PD data also supported the RP2D of SC 405 µg/kg. “We see IL2Rα induction at higher levels with SC doses in 135 µg/kg to 800 µg/kg relative to the lower doses,” said Chari. “When we look at
maximum PD-1 T-cell activation, again, the 405 µg/kg dose shows a relatively high percentage of responders with T-cell activation.”
With regard to safety, in the RP2D cohort, all-grade hematologic toxicities included neutropenia (47%; 42% grade 3), anemia (26%; 0%), lymphopenia (16%; 16%), leukopenia (21%; 16%), and thrombocytopenia (21%; 5%). When looking at non-hematologic toxicities, all-grade CRS was reported in 68% of patients in this cohort but none were grade 3 or higher, and 47% had dysgeusia.
Three dose-limiting toxicities (DLT) were observed across all doses, but none were reported with the RP2D. Dose reductions at the RP2D were also determined to be less frequent and to happen later on versus those who received the agent at the 800 µg/kg. Thirty-eight percent of patients had infections, 16% at the RP2D. Eight percent had grade 3 or higher infections across the doses examined with no grade 3 or higher effects at RP2D.

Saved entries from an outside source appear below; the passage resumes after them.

(* Mutual information is an average divergence; replacing the mixture by any
   sub-probability reference r can only increase it (Gibbs). *)
Lemma mixture_info_le (r : T -> R) (K : R) :
  (forall x, 0 < r x) -> \sum_x r x <= 1 ->
  (forall G x, G \in Gs -> ln (p G x / r x) <= K) ->
  \sum_(G in Gs) w * \sum_x p G x * ln (p G x / mixture x) <= K.
Proof.
move=> r_gt0 r_sum le_K.
have split_ln G x : ln (p G x / mixture x) = ln (p G x / r x) - ln (mixture x / r x).
  rewrite -ln_div ?posrE ?divr_gt0 ?mixture_gt0 //.
  by congr ln; field; rewrite !lt0r_neq0 ?mixture_gt0.
have -> : \sum_(G in Gs) w * \sum_x p G x * ln (p G x / mixture x) =
    \sum_(G in Gs) w * \sum_x p G x * ln (p G x / r x)
    - \sum_x mixture x * ln (mixture x / r x).
  have average (f : T -> R) :
      \sum_x mixture x * f x = \sum_(G in Gs) w * \sum_x p G x * f x.
    under eq_bigr do rewrite mulr_suml.
    rewrite exchange_big; apply: eq_bigr => G _; rewrite mulr_sumr.
    by apply: eq_bigr => x _; rewrite mulrA.
  rewrite average -sumrB; apply: eq_bigr => G _; rewrite -mulrBr -sumrB.
  by congr (_ * _); apply: eq_bigr => x _; rewrite split_ln mulrBr.
have gibbs : 0 <= \sum_x mixture x * ln (mixture x / r x).
  by apply: gibbs_ineq => //; [exact: mixture_gt0 | rewrite mixture_sum1].
suff : \sum_(G in Gs) w * \sum_x p G x * ln (p G x / r x) <= K by lra.
rewrite -[K]mul1r -mixture_weight_sum1 mulr_suml; apply: ler_sum => G Gs_G.
apply: ler_wpM2l; first by rewrite invr_ge0.
rewrite -[K]mul1r -(p_sum1 Gs_G) mulr_suml; apply: ler_sum => x _.
by apply: ler_wpM2l; [exact: ltW | exact: le_K].
Qed.

End Gibbs.

Section DagKernel.
Variables (m : nat) (G : dag_t m).
Hypothesis G_dag : is_dag G.

Let parent_rel : rel 'I_m := [rel a b | a \in G b].

Lemma dag_parent_not_descendant i j : j \in G i -> ~~ connect parent_rel i j.
Proof. by move/forallP: G_dag => /(_ i) /forallP /(_ j) /implyP. Qed.

Lemma dag_irrefl i : i \notin G i.
Proof. by apply/negP => /dag_parent_not_descendant; rewrite connect0. Qed.

(* A node of U with the most ancestors has no child in U. *)
Lemma dag_sink (U : {set 'I_m}) : U != finset.set0 ->
  exists2 s, s \in U & forall j, j \in U -> s \notin G j.
Proof.
case/set0Pn=> s0 U_s0; pose ancestors k := #|[set a | connect parent_rel a k]|.
have [s U_s s_max] := @arg_maxnP _ s0 (mem U) ancestors U_s0.
exists s => // j U_j; apply/negP => s_j.
have := s_max j U_j; rewrite /= leqNgt => /negP; apply; apply: proper_card.
apply/properP; split.
  apply/fintype.subsetP => a; rewrite !inE => a_s.
  exact: connect_trans a_s (connect1 _).
by exists j; rewrite !inE ?connect0 ?dag_parent_not_descendant.
Qed.

Definition toggle (s : 'I_m) (x : config m) : config m := [ffun j => x j (+) (j == s)].

Lemma toggleK s : involutive (toggle s).
Proof. by move=> x; apply/ffunP => j; rewrite !ffunE addbK. Qed.

Variables (R : numFieldType) (k : 'I_m -> config m -> R).
Hypotheses (k_local : forall i (x y : config m),
    (forall j, j \in G i -> x j = y j) -> x i = y i -> k i x = k i y)
  (k_toggle : forall i x, k i (toggle i x) + k i x = 1).

Lemma kernel_toggle_nonparent s i x : i != s -> s \notin G i -> k i (toggle s x) = k i x.
Proof.
move=> i_s s_Gi; apply: k_local => [j Gi_j|]; rewrite ffunE ?(negbTE i_s) ?addbF //.
by case: eqP => [js|_]; [rewrite -js Gi_j in s_Gi | rewrite addbF].
Qed.

Let mass (U : {set 'I_m}) := \sum_x \prod_(i in U) k i x.

(* Pairing x with toggle s x sums out the sink s, on which no other factor depends. *)
Lemma mass_remove_sink (U : {set 'I_m}) s :
  s \in U -> (forall j, j \in U -> s \notin G j) -> mass U *+ 2 = mass (U :\ s).
Proof.
move=> U_s s_sink; pose rest x := \prod_(i in U :\ s) k i x.
have rest_toggle x : rest (toggle s x) = rest x.
  apply: eq_bigr => i; rewrite !inE => /andP [i_s U_i].
  exact: kernel_toggle_nonparent i_s (s_sink i U_i).
have massE : mass U = \sum_x k s x * rest x.
  apply: eq_bigr => x _; rewrite (bigD1 s U_s); congr (_ * _).
  by apply: eq_bigl => i; rewrite !inE andbC.
rewrite mulr2n {1}massE (reindex_inj (inv_inj (toggleK s))) massE -big_split.
by apply: eq_bigr => x _ /=; rewrite rest_toggle -mulrDl k_toggle mul1r.
Qed.

Lemma mass_card (U : {set 'I_m}) : mass U * 2 ^+ #|U| = 2 ^+ m.
Proof.
move Ec: #|U| => c; elim: c U Ec => [|c IH] U cardU.
  move/eqP: cardU; rewrite cards_eq0 => /eqP ->; rewrite expr0 mulr1 /mass.
  under eq_bigr do rewrite big_set0.
  by rewrite sumr_const card_ffun card_bool card_ord -natrX.
have [s U_s s_sink] : exists2 s, s \in U & forall j, j \in U -> s \notin G j.
  by apply: dag_sink; rewrite -card_gt0 cardU.
have card_Us : #|U :\ s| = c by move: cardU; rewrite (cardsD1 s U) U_s add1n => -[].
by rewrite exprS mulrA mulr_natr (mass_remove_sink U_s s_sink) IH.
Qed.

Lemma sum_prod_kernel : \sum_x \prod_i k i x = 1.
Proof.
have := mass_card [set: 'I_m]; rewrite cardsT card_ord.
have two_m_neq0 : (2 : R) ^+ m != 0 by rewrite expf_neq0 ?pnatr_eq0.
move/(congr1 (fun y => y / 2 ^+ m)); rewrite mulfK // divff // => mass_setT.
rewrite -[RHS]mass_setT.
by apply: eq_bigr => x _; apply: eq_bigl => i; rewrite finset.in_setT.
Qed.

End DagKernel.

Section LogisticNetwork.
Variables (R : realType) (m : nat) (Th : param R m).
Implicit Types (G : dag_t m) (i : 'I_m) (x : config m).

Definition total_l1norm G := \sum_i l1norm Th G i.
Local Notation L := total_l1norm.

Lemma eta_norm_le G i x : `|Defs.eta Th G i x| <= l1norm Th G i.
Proof.
rewrite (le_trans (ler_norm_sum _ _ _)) // ler_sum // => j _.
by rewrite normrM ler_piMr //; case: (x j); rewrite ?normr1 ?normr0.
Qed.

Lemma node_prob_gt0 G i x : 0 < node_prob Th G i x.
Proof. by rewrite /node_prob; case: (x i); rewrite -?sigmoidN sigmoid_gt0. Qed.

“Neurotoxicity was relatively infrequent, as well,” said Chari. “Only 1 patient on the RP2D had grade 2 encephalopathy at it resolved.”
With regard to cutaneous toxicities, 18% of patients experienced injection-site reactions; this occurred in 21% of those in the RP2D cohort. Forty-five percent of patients experienced skin-related toxicities; 58% of those in the RP2D cohort had this but most were grade 1 or 2 in severity. Nail disorders occurred in 17% of all patients and 21% of patients in the RP2D cohort. No grade 5 toxicities were reported across all doses evaluated.
Overall rates of CRS in the IV and SC groups were 48% and 64%, respectively. The median time to CRS onset was 1 days and 2 days, respectively, and the median duration of CRS was 2 days in both cohorts. In the RP2D, half of patients received tocilizumab (Actemra), while the use of other supportive care options was relatively infrequent.
“Talquetamab has a tolerable safety profile at the RP2D of SC 405 tocilizumab,” concluded Chari,” and high response rates were observed [at this dose].”